Calibration workflows can be different when they use an aggregator. In that case, there is processing running on each EPN, and the output is sent to an aggregator node. Communication happens via the o2-dpl-raw-proxy and the o2-dpl-output-proxy. To set up such a workflow, a couple of points must be followed:

  • There are 2 different shell scripts, one for the "reco" part running on each EPN, and one for the calibration aggregator "calib" part on the calibration node. There may be more than one aggregator in the topology, in that case it is one reco script and multiple calib scripts.
  • The reco script must contain an o2-dpl-output-proxy to send the output and each calib script must contain an o2-dpl-raw-proxy for the input.
  • Each of the input "raw" proxies must be assigned a unique name via the --proxy-name [NAME] option. Note that the reco script also contains an input raw proxy, with the default name readout-proxy.
  • The channel-name of each input proxy must match the proxy name. The calib input proxies' channels must use method=bind. The output proxies must use method=connect and the channel name must match the name of the input proxy they are connecting to.
  • The dataspec of the proxies is configured in the same way as for the readout-proxy and the specs must be equal for corresponding input and output proxies.
  • The channels of input and output proxies (except for the reco readout-proxy) must be configured without address!
  • The output proxies must use the command line option --proxy-channel-name [name] with name being the configured channel name.
  • To run on the EPN, the calib input proxies of the aggregatornodes must have the command line option --network-interface ib0 (this ensures data is sent via InfiniBand not via Ethernet). Note that this is only for the aggregator node, not for the normal processing part!

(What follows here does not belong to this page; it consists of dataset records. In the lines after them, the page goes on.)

(* Let ${\mathcal R}$ be a similarity relation, $\mu$ a cut value, and $P;\sigma;\mathfrak{d}$ a configuration. If one step of $\mathsf{HOPSU}$ transforms $P;\sigma;\mathfrak{d}$ into $P';\sigma\vartheta;\mathfrak{d}\wedge\mathfrak{d}'$, and $\tau$ is an $({\mathcal R},\mu)$-unifier of $P'$ with degree $\mathfrak{d}''$, then $\vartheta\tau$ is an $({\mathcal R},\mu)$-unifier of $P$ with degree $\mathfrak{d}'\wedge\mathfrak{d}''$.
   Context: Terms: simply typed $\lambda$-terms over disjoint countably infinite sets $\mathcal{V}$ (typed variables) and $\mathcal{F}$ (typed constants), types $\tau::=\delta\mid\tau\to\tau$. Terms are identified modulo $\alpha$, kept $\beta$-normal, and $\eta$-expanded except that arguments of free variables are kept $\eta$-normal (i.e. are bound variables); a term is written $\lambda x_1,\dots,x_n.h(t_1,\dots,t_m)$ with head $h$. Free variables are written $F,G,H,X,Y,\dots$, bound variables $x,y,z,\dots$. A higher-order pattern is a term where every free variable occurrence is applied to a list of pairwise distinct bound variables; all terms in problems and substitutions are higher-order patterns. Substitutions $\sigma$ are type-preserving maps with finite domain $\mathit{Dom}(\sigma)=\{X\mid X\sigma\neq X\}$, applied postfix ($t\sigma$, capture-avoiding, followed by $\beta$-normalization); $\sigma\vartheta$ means first $\sigma$ then $\vartheta$; $\varepsilon$ is the identity; $\varphi|_V$ is the restriction to $V$; $\mathtt{fv}(t)$ is the set of free variables. Fuzzy setting: T-norm $\wedge=\min$. ${\mathcal R}_A$ is a similarity relation (reflexive, symmetric, min-transitive map to $[0,1]$) on $\mathcal{F}\cup\mathcal{V}$ with ${\mathcal R}_A(x,y)=0$ for distinct variables, ${\mathcal R}_A(f,g)=0$ for constants of different types, ${\mathcal R}_A(x,f)=0$ for a variable and a constant. It induces ${\mathcal R}$ on terms: on normal forms ${\mathcal R}(a,b)={\mathcal R}_A(a,b)$ for symbols, ${\mathcal R}((t_1\,s_1),(t_2\,s_2))={\mathcal R}(t_1,t_2)\wedge{\mathcal R}(s_1,s_2)$, ${\mathcal R}(\lambda x.t,\lambda y.s)={\mathcal R}(t\{x\mapsto z\},s\{y\mapsto z\})$ for fresh $z$ of the same type, $0$ otherwise. A cut value is $\mu\in(0,1]$. An equation is written $t\simeq^?_{{\mathcal R},\mu}s$; a unification problem is a finite set of equations. A substitution $\sigma$ is an $({\mathcal R},\mu)$-unifier of $\{t_1\simeq^?_{{\mathcal R},\mu}s_1,\dots,t_n\simeq^?_{{\mathcal R},\mu}s_n\}$ with degree $\mathfrak{d}$ if ${\mathcal R}(t_1\sigma,s_1\sigma)\wedge\dots\wedge{\mathcal R}(t_n\sigma,s_n\sigma)=\mathfrak{d}\ge\mu$. Algorithm $\mathsf{HOPSU}$: it works on configurations $P;\sigma;\mathfrak{d}$ ($P$ a problem, $\sigma$ a substitution, $\mathfrak{d}\ge\mu$ a degree) or $\bot$; a step applies one of the following rules to a selected equation ($\uplus$ is disjoint union): (Abs) $\{\lambda x.t\simeq^?\lambda x.s\}\uplus P;\sigma;\mathfrak{d}\leadsto\{t\simeq^?s\}\cup P;\sigma;\mathfrak{d}$. (Dec) $\{f(t_1,\dots,t_n)\simeq^?g(s_1,\dots,s_n)\}\uplus P;\sigma;\mathfrak{d}\leadsto\{t_1\simeq^?s_1,\dots,t_n\simeq^?s_n\}\cup P;\sigma;\mathfrak{d}\wedge{\mathcal R}(f,g)$, where $f,g$ are rigid heads, $n\ge0$, and $\mathfrak{d}\wedge{\mathcal R}(f,g)\ge\mu$. (SV) $\{F(x_1,\dots,x_n)\simeq^?F(y_1,\dots,y_n)\}\uplus P;\sigma;\mathfrak{d}\leadsto P\vartheta;\sigma\vartheta;\mathfrak{d}$, where $\{z_1,\dots,z_m\}=\{x_i\mid x_i=y_i\}$ and $\vartheta=\{F\mapsto\lambda x_1,\dots,x_n.H(z_1,\dots,z_m)\}$ with $H$ fresh. (Ori) $\{a(s_1,\dots,s_m)\simeq^?F(x_1,\dots,x_n)\}\uplus P;\sigma;\mathfrak{d}\leadsto\{F(x_1,\dots,x_n)\simeq^?a(s_1,\dots,s_m)\}\cup P;\sigma;\mathfrak{d}$, where $F$ is free and $a$ is a constant or $a\in\{x_1,\dots,x_n\}$. (LF) $\{F(x_1,\dots,x_n)\simeq^?a(s_1,\dots,s_m)\}\uplus P;\sigma;\mathfrak{d}\leadsto P\vartheta;\sigma\vartheta;\mathfrak{d}$, where $F\notin\mathtt{fv}(a(s_1,\dots,s_m))$, $a$ is a constant, a free variable, or in $\{x_1,\dots,x_n\}$, $\mathsf{VarElim}(F(x_1,\dots,x_n),a(s_1,\dots,s_m))=\varphi$, and $\vartheta=\varphi|_V$ with $V=\{F\}\cup\mathtt{fv}(a(s_1,\dots,s_m))$. (Fail) $\{t\simeq^?s\}\uplus P;\sigma;\mathfrak{d}\leadsto\bot$ if no other rule applies to the selected equation. $\mathsf{VarElim}(t,s)$ starts from $\{t\simeq^?s\};\varepsilon$ and applies as long as possible: (VE1) $\{F(x_1,\dots,x_n)\simeq^?a(s_1,\dots,s_m)\}\uplus P;\sigma\leadsto\{H_1(x_1,\dots,x_n)\simeq^?s_1,\dots,H_m(x_1,\dots,x_n)\simeq^?s_m\}\cup P;\sigma\vartheta$, where $a$ is a constant or in $\{x_1,\dots,x_n\}$, $\vartheta=\{F\mapsto\lambda x_1,\dots,x_n.a(H_1(x_1,\dots,x_n),\dots,H_m(x_1,\dots,x_n))\}$ with $H_i$ fresh of appropriate types; (VE2) $\{F(x_1,\dots,x_n)\simeq^?G(y_1,\dots,y_m)\}\uplus P;\sigma\leadsto P\vartheta;\sigma\vartheta$, where $\{x_1,\dots,x_n\}\cap\{y_1,\dots,y_m\}=\{z_1,\dots,z_k\}$ and $\vartheta=\{F\mapsto\lambda x_1,\dots,x_n.H(z_1,\dots,z_k),G\mapsto\lambda y_1,\dots,y_m.H(z_1,\dots,z_k)\}$ with $H$ fresh. If it ends in $\emptyset;\varphi$, then $\mathsf{VarElim}(t,s)=\varphi$. *)

(* Terms are represented with de Bruijn indices for bound variables (terms are
   taken modulo alpha), in spine form so that they are beta-normal by
   construction; free variables may only be applied to (de Bruijn) bound
   variables (higher-order pattern shape). *)
From Stdlib Require Import Reals List Arith Relations.
Import ListNotations.
Lemma left_extension_exists j : 0 < j <= top -> exists c, factor t [:: c; j].
Proof.
elim: j => [//|[|d] IH] /andP [_ le_d].
  exists (last 0 (nseq t1 0)); apply/factorP; exists 1.
  rewrite /phi_iter /= -[phi_word _ _]/(phi t 0 ++ [::]) cats0 phi0.
  by apply: infix_last_rcons; case: t1 t1_gt0.
have [|c cd] := IH; first by rewrite ltn0Sn ltnW.
have /andP [lt_c _] := factor_over_alphabet cd.
have := factor_phi_word cd; rewrite phi_word_pair (phi_below_top le_d) catA => f.
exists (last 0 (phi t c ++ nseq (nth 0 t d.+1) 0)); apply: factor_infix f _.
by apply: infix_last_rcons; case: (phi t c) (phi_neq0 lt_c).
Qed.

Lemma factor_succ_zero k : k < top -> factor t [:: k; 0] -> factor t [:: k.+1; 0].
Proof.
move=> lt_k /factor_phi_word; rewrite phi_word_pair phi_below_top // phi0.
case: t1 t1_gt0 => [//|n] _ f; apply: factor_infix f _.
by rewrite -catA; apply: infix_catl; exact: (prefix_infix [:: k.+1; 0]).
Qed.

Lemma factor_zero_top k : k <= top -> factor t [:: k; 0] -> factor t [:: top; 0].
Proof.
move def_e : (top - k) => e; elim: e k def_e => [|e IH] k def_e le_k k0.
  by have -> : top = k by lia.
apply: (IH k.+1); try lia; apply: factor_succ_zero k0; lia.
Qed.

Lemma factor_zeros_one : factor t (nseq t1.+1 0 ++ [:: 1]).
Proof.
have [|c ct] := @left_extension_exists top; first by rewrite top_gt0 leqnn.
have /andP [lt_c _] := factor_over_alphabet ct.
have := factor_phi_word ct; rewrite phi_word_pair phi_top => f.
have k0 : factor t [:: last 0 (phi t c); 0].
  by apply: factor_infix f _; exact: infix_last_rcons (phi_neq0 lt_c).
have /andP [lt_k _] := factor_over_alphabet k0.
have le_k : last 0 (phi t c) <= top by lia.
by have := factor_phi_word (factor_zero_top le_k k0); rewrite phi_word_pair phi_top phi0.
Qed.

Lemma factor_one_zeros_one : factor t (1 :: nseq t1 0 ++ [:: 1]).
Proof.
have zz : factor t [:: 0; 0].
  apply: factor_infix factor_zeros_one _; case: t1 t1_gt0 => [//|n] _.
  exact: (prefix_infix [:: 0; 0]).
have := factor_phi_word zz; rewrite phi_word_pair phi0 => f; apply: factor_infix f _.
by rewrite -catA; apply: infix_catl; exact: infix_refl.
Qed.
(* Let $J$ be a Jordan algebra with unit element $1$ over a field $F$ of characteristic $\neq 2,3$, and let $d$ be a derivation with invertible values of $J$. Then every proper ideal $I$ of $J$ satisfies $d(I) = 0$.
   Context: A Jordan algebra is a commutative algebra satisfying $(x^2,y,x)=0$, where $(a,b,c)=(ab)c-a(bc)$. In a Jordan algebra $J$ with unit $1$, an element $x$ is invertible if there exists $y \in J$ with $xy = 1$ and $x^2 y = x$. A derivation with invertible values of $J$ is a nonzero derivation $d$ of $J$ such that for every $x \in J$, $d(x)$ is either invertible or equal to $0$. *)

(* A (nonassociative) algebra over a field F is represented by
   a vector space V : lmodType F together with a multiplication mul : V -> V -> V
   which is required to be bilinear. *)
From HB Require Import structures.
From mathcomp Require Import all_boot all_order all_algebra.
Set Implicit Arguments. Unset Strict Implicit. Unset Printing Implicit Defensive.
Import GRing.Theory.
Local Open Scope ring_scope.

Section JordanDefs.
Variables (F : fieldType) (V : lmodType F) (mul : V -> V -> V).

Definition assoc (a b c : V) : V := mul (mul a b) c - mul a (mul b c).

(* mul is F-bilinear (linearity in the second argument follows from
   commutativity, but we state both for clarity). *)
Definition bilinear_mul : Prop :=
  (forall (a : F) (x y z : V), mul (a *: x + y) z = a *: mul x z + mul y z) /\
  (forall (a : F) (x y z : V), mul z (a *: x + y) = a *: mul z x + mul z y).

Definition jordan_algebra_with_unit (one : V) : Prop :=
  [/\ bilinear_mul,
      (forall x y : V, mul x y = mul y x),
      (forall x y : V, assoc (mul x x) y x = 0) &
      (forall x : V, mul one x = x)].

Definition jinvertible (one x : V) : Prop :=
  exists y : V, mul x y = one /\ mul (mul x x) y = x.

Definition derivation (d : V -> V) : Prop :=
  (forall (a : F) (x y : V), d (a *: x + y) = a *: d x + d y) /\
  (forall x y : V, d (mul x y) = mul (d x) y + mul x (d y)).

Definition derivation_inv_values (one : V) (d : V -> V) : Prop :=
  [/\ derivation d,
      (exists x : V, d x != 0) &
      (forall x : V, jinvertible one (d x) \/ d x = 0)].

(* (two-sided, since mul is commutative) jideal: a subspace closed under
   multiplication by arbitrary elements of the algebra *)
Definition jideal (I : V -> Prop) : Prop :=
  [/\ I 0,
      (forall (a : F) (x y : V), I x -> I y -> I (a *: x + y)) &
      (forall x y : V, I x -> I (mul y x))].

Definition jproper_ideal (I : V -> Prop) : Prop :=
  jideal I /\ exists x : V, ~ I x.

End JordanDefs.
Arguments jordan_algebra_with_unit {F V} mul one.
Arguments derivation_inv_values {F V} mul one d.
Arguments jproper_ideal {F V} mul I.
Arguments jinvertible {F V} mul one x.
Arguments derivation {F V} mul d.
Arguments jideal {F V} mul I.
Arguments assoc {F V} mul a b c.
Arguments bilinear_mul {F V} mul.

(* An ideal containing an invertible element u (with u v = 1) contains
   1 = v u and hence everything, so d takes no invertible value on a proper
   ideal I.  For x in I, d(x^2) = 2 x d(x) lies in I, so it is 0 and
   x d(x) = 0 (char <> 2).  Differentiating, d(x)^2 = - x d^2(x) lies in I;
   if d(x) were invertible with d(x)^2 v = d(x), then d(x) would lie in I. *)
From HB Require Import structures.
From mathcomp Require Import all_boot all_order all_algebra.
Set Implicit Arguments. Unset Strict Implicit.
Import GRing.Theory.
Local Open Scope ring_scope.

Section Ideals.
Variables (F : fieldType) (V : lmodType F) (mul : V -> V -> V).
Hypothesis mulC : forall x y : V, mul x y = mul y x.
Variable I : V -> Prop.
Hypothesis idealI : jideal mul I.

Lemma jidealD (x y : V) : I x -> I y -> I (x + y).
Proof.
case: idealI => _ Ilin _ Ix Iy.
by have := Ilin 1 x y Ix Iy; rewrite scale1r.
Qed.

Lemma jidealN (x : V) : I x -> I (- x).
Proof.
case: idealI => I0 Ilin _ Ix.
by have := Ilin (-1) x 0 Ix I0; rewrite addr0 scaleN1r.
Qed.

Lemma jidealMr (x y : V) : I x -> I (mul x y).
Proof. by case: idealI => _ _ Imul Ix; rewrite mulC; apply: Imul. Qed.

Lemma jideal_unit_full (one u : V) :
  (forall x : V, mul one x = x) -> I u -> jinvertible mul one u ->
  forall x : V, I x.
Proof.
move=> mul1 Iu [v [uv _]] x.
have Ione : I one by rewrite -uv; apply: jidealMr.
by rewrite -(mul1 x); apply: jidealMr.
Qed.

End Ideals.

Section Derivations.
Variables (F : fieldType) (V : lmodType F) (mul : V -> V -> V) (d : V -> V).
Hypothesis mulC : forall x y : V, mul x y = mul y x.
Hypothesis derd : derivation mul d.

Lemma derivation0 : d 0 = 0.
Proof.
case: derd => dlin _; have := dlin 1 0 0; rewrite !scale1r !addr0 => d00.
by apply: (addrI (d 0)); rewrite addr0 -d00.
Qed.

Lemma derivation_sqr (x : V) : d (mul x x) = 2%:R *: mul x (d x).
Proof.
by case: derd => _ dmul; rewrite dmul mulC -mulr2n -scaler_nat.
Qed.

End Derivations.

Theorem lemma2 (F : fieldType) (V : lmodType F) (mul : V -> V -> V) (one : V)
  (d : V -> V) (I : V -> Prop) :
  2%N \notin [pchar F] -> 3%N \notin [pchar F] ->
  jordan_algebra_with_unit mul one ->
  derivation_inv_values mul one d ->
  jproper_ideal mul I ->
  forall x : V, I x -> d x = 0.
Proof.
move=> char2 _ [_ mulC _ mul1] [derd _ dinv] [idealI [z Nz]] x Ix.
have noninv u : I u -> ~ jinvertible mul one u.
  by move=> Iu /(jideal_unit_full mulC idealI mul1 Iu)/(_ z).
have d_sqr_zero : d (mul x x) = 0.
  have Ixx : I (d (mul x x)).
    have [_ dmul] := derd; rewrite dmul mulC.
    by apply: (jidealD idealI); apply: (jidealMr mulC idealI).
  by case: (dinv (mul x x)) => // /(noninv _ Ixx).
have two_neq0 : (2%:R : F) != 0.
  by apply: contra char2 => two0; rewrite inE /= two0.
have x_dx : mul x (d x) = 0.
  move/eqP: d_sqr_zero; rewrite (derivation_sqr mulC derd) scaler_eq0.
  by rewrite (negbTE two_neq0) => /eqP.
case: (dinv x) => // dx_inv; exfalso.
have [v [_ dx2v]] := dx_inv.
have Idx2 : I (mul (d x) (d x)).
  have [_ dmul] := derd; move: (dmul x (d x)).
  rewrite x_dx (derivation0 derd) => /eqP; rewrite eq_sym addr_eq0 => /eqP ->.
  by apply: (jidealN idealI); apply: (jidealMr mulC idealI).
have Idx : I (d x) by rewrite -dx2v; apply: (jidealMr mulC idealI).
exact: noninv _ Idx dx_inv.
Qed.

Please note that for a calibration workflow the number of cores used by the workflow must be specified, and the memory limit is derrived from the number of cores (~4 GB per core, with some margin reserved for the system). If SHMSIZE is set for the workflow, it must also fit in this memory constraint. A rough guideline is 50% of the available memory. If it is not set, it defaults to 2 GB pre core. Please make to request a reasonable number of cores, since there are only 4 calibration nodes which are shared among all workflows.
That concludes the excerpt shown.